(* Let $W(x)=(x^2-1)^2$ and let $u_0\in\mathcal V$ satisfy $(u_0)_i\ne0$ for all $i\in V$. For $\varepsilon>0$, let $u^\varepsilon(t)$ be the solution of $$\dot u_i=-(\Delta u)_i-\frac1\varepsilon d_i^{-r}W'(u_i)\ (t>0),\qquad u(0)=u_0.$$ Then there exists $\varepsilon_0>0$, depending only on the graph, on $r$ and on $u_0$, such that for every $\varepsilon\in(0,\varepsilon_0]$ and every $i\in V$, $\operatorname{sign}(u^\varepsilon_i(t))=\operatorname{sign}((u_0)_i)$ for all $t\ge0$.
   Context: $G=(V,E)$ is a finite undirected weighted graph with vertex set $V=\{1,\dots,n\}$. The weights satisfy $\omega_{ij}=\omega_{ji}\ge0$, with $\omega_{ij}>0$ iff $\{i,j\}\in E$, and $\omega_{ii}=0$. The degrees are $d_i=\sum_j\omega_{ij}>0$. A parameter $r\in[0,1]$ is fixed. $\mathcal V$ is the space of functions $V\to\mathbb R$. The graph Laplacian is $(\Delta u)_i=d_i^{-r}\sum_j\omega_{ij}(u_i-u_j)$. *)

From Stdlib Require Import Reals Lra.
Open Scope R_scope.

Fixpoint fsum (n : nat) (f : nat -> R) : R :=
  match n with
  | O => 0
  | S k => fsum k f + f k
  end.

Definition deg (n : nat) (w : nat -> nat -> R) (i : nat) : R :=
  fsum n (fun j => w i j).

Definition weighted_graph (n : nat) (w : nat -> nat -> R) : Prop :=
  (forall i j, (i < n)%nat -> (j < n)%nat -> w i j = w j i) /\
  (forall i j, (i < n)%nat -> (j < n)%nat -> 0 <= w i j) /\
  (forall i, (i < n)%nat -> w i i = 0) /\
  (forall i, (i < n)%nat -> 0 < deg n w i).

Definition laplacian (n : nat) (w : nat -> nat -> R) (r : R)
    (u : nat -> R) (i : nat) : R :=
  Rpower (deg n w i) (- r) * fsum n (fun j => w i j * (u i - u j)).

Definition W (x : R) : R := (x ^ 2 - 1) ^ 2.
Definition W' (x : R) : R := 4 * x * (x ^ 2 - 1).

---

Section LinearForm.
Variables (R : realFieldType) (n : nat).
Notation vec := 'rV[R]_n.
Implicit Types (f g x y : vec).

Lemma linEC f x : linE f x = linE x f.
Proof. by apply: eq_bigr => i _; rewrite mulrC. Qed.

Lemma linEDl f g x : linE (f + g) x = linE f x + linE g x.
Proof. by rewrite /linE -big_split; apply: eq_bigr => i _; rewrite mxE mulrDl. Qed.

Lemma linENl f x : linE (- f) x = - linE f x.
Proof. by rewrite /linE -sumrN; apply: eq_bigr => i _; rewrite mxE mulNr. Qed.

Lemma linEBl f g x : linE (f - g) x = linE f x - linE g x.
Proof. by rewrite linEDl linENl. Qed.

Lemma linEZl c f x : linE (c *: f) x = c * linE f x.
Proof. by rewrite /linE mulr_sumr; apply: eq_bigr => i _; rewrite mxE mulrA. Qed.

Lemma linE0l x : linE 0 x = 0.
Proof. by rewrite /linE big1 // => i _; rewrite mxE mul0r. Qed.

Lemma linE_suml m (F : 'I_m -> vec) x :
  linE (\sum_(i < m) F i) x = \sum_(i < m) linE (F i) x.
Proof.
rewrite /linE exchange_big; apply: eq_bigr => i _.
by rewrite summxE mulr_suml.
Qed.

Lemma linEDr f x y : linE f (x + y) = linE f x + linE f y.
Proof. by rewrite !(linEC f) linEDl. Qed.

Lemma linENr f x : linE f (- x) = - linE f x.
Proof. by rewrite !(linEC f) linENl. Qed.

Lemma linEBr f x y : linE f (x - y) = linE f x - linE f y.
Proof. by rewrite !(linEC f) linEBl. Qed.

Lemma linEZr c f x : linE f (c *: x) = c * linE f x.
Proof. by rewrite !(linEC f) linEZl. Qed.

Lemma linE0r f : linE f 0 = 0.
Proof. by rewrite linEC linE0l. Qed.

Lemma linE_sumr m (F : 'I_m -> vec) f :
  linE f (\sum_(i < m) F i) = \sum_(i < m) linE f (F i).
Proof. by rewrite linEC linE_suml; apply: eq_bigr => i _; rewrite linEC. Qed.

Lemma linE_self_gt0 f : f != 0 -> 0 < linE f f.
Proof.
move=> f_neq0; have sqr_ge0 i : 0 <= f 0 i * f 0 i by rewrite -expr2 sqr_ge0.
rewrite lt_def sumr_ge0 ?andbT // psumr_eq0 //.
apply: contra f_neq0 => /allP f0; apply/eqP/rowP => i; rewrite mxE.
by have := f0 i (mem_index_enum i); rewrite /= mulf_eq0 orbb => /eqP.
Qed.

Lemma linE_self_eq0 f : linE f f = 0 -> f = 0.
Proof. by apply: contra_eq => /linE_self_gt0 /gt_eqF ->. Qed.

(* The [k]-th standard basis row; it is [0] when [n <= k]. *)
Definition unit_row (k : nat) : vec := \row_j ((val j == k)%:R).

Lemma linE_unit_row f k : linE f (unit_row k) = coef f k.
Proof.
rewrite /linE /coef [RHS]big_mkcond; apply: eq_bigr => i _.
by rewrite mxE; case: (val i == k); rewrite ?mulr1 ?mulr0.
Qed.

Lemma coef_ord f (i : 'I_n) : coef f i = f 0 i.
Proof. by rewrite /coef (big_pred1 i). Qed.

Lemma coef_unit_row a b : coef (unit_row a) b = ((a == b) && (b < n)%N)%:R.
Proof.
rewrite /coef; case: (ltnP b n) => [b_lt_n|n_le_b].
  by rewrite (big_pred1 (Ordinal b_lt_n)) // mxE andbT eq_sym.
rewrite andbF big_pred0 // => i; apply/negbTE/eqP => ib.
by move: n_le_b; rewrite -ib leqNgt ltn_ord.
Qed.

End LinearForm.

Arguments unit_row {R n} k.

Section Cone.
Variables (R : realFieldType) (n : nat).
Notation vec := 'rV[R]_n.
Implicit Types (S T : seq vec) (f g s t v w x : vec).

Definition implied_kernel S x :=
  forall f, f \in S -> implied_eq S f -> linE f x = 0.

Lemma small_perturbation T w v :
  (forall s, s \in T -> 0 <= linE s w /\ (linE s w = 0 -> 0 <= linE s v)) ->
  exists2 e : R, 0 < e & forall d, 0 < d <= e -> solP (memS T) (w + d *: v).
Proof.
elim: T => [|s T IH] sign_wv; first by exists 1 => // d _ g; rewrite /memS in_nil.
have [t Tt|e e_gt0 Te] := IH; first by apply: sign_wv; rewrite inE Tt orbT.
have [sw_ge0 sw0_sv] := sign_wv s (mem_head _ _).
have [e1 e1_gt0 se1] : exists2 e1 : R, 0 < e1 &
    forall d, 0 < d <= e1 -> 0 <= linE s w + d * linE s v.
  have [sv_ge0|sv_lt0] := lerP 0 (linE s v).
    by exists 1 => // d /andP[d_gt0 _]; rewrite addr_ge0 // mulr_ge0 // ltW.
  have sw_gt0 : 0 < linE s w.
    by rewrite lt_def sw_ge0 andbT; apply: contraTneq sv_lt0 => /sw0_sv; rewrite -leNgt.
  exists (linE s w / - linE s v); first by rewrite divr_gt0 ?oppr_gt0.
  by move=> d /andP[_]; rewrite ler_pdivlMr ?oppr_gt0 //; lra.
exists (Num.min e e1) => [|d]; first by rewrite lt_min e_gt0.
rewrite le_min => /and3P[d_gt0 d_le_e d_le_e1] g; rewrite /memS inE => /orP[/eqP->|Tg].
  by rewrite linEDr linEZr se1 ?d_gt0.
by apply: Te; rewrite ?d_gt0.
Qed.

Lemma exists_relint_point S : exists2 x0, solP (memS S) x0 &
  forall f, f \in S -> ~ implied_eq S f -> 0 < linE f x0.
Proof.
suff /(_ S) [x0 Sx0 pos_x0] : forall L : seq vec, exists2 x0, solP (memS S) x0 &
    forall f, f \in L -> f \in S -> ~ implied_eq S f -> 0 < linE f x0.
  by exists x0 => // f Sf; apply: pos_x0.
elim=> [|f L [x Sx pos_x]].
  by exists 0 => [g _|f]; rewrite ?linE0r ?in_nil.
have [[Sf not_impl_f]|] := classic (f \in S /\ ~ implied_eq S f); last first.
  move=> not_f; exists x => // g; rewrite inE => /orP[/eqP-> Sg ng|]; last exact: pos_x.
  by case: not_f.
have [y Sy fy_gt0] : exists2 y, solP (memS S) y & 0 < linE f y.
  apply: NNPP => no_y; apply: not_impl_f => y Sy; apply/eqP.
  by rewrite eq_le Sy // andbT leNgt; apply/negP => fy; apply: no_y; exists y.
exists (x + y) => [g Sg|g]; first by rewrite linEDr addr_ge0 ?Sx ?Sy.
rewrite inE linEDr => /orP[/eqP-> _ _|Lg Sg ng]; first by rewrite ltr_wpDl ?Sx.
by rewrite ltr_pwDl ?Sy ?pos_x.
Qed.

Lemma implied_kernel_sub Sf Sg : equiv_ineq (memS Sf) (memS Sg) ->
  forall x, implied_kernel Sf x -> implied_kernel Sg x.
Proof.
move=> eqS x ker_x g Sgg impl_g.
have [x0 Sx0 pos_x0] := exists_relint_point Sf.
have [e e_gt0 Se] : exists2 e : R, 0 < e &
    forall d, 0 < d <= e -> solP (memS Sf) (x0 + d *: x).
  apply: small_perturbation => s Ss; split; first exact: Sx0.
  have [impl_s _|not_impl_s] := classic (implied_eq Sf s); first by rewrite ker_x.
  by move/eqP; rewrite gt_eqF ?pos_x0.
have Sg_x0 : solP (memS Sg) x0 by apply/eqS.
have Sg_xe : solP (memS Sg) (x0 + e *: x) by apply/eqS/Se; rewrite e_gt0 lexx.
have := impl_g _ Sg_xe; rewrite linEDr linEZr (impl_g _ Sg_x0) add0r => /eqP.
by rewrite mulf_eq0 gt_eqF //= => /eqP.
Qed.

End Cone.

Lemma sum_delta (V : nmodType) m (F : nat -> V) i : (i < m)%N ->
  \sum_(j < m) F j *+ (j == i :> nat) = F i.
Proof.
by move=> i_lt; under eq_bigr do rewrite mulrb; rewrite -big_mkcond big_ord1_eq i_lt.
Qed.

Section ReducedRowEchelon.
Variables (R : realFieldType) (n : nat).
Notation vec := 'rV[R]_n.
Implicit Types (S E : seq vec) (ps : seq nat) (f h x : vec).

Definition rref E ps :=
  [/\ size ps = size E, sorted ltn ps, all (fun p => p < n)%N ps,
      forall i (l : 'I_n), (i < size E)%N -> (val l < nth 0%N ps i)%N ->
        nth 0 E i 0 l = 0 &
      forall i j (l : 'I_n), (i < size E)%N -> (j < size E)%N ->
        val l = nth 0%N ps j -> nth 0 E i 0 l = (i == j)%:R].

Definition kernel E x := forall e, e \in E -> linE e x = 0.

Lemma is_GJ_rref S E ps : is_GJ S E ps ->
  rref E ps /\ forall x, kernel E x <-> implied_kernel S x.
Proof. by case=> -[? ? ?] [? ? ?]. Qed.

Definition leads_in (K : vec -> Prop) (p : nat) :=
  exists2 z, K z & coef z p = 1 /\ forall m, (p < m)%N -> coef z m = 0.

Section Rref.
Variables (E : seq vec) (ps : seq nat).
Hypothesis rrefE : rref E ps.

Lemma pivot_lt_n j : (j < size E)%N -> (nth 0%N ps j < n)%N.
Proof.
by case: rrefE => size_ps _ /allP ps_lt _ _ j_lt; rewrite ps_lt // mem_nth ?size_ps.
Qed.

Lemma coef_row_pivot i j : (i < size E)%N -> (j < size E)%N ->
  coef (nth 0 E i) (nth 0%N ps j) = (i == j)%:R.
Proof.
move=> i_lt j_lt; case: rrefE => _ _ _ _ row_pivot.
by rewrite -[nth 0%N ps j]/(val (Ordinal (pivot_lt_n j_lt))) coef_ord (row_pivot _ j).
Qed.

→ ASSIGNMENT
I'd like the lines above from the one with "Lemma linEBl f" up to and including the one with "rewrite lt_def sumr_ge0" copied exactly, with no other lines.

→ EXPECTED ANSWER
Lemma linEBl f g x : linE (f - g) x = linE f x - linE g x.
Proof. by rewrite linEDl linENl. Qed.

Lemma linEZl c f x : linE (c *: f) x = c * linE f x.
Proof. by rewrite /linE mulr_sumr; apply: eq_bigr => i _; rewrite mxE mulrA. Qed.

Lemma linE0l x : linE 0 x = 0.
Proof. by rewrite /linE big1 // => i _; rewrite mxE mul0r. Qed.

Lemma linE_suml m (F : 'I_m -> vec) x :
  linE (\sum_(i < m) F i) x = \sum_(i < m) linE (F i) x.
Proof.
rewrite /linE exchange_big; apply: eq_bigr => i _.
by rewrite summxE mulr_suml.
Qed.

Lemma linEDr f x y : linE f (x + y) = linE f x + linE f y.
Proof. by rewrite !(linEC f) linEDl. Qed.

Lemma linENr f x : linE f (- x) = - linE f x.
Proof. by rewrite !(linEC f) linENl. Qed.

Lemma linEBr f x y : linE f (x - y) = linE f x - linE f y.
Proof. by rewrite !(linEC f) linEBl. Qed.

Lemma linEZr c f x : linE f (c *: x) = c * linE f x.
Proof. by rewrite !(linEC f) linEZl. Qed.

Lemma linE0r f : linE f 0 = 0.
Proof. by rewrite linEC linE0l. Qed.

Lemma linE_sumr m (F : 'I_m -> vec) f :
  linE f (\sum_(i < m) F i) = \sum_(i < m) linE f (F i).
Proof. by rewrite linEC linE_suml; apply: eq_bigr => i _; rewrite linEC. Qed.

Lemma linE_self_gt0 f : f != 0 -> 0 < linE f f.
Proof.
move=> f_neq0; have sqr_ge0 i : 0 <= f 0 i * f 0 i by rewrite -expr2 sqr_ge0.
rewrite lt_def sumr_ge0 ?andbT // psumr_eq0 //.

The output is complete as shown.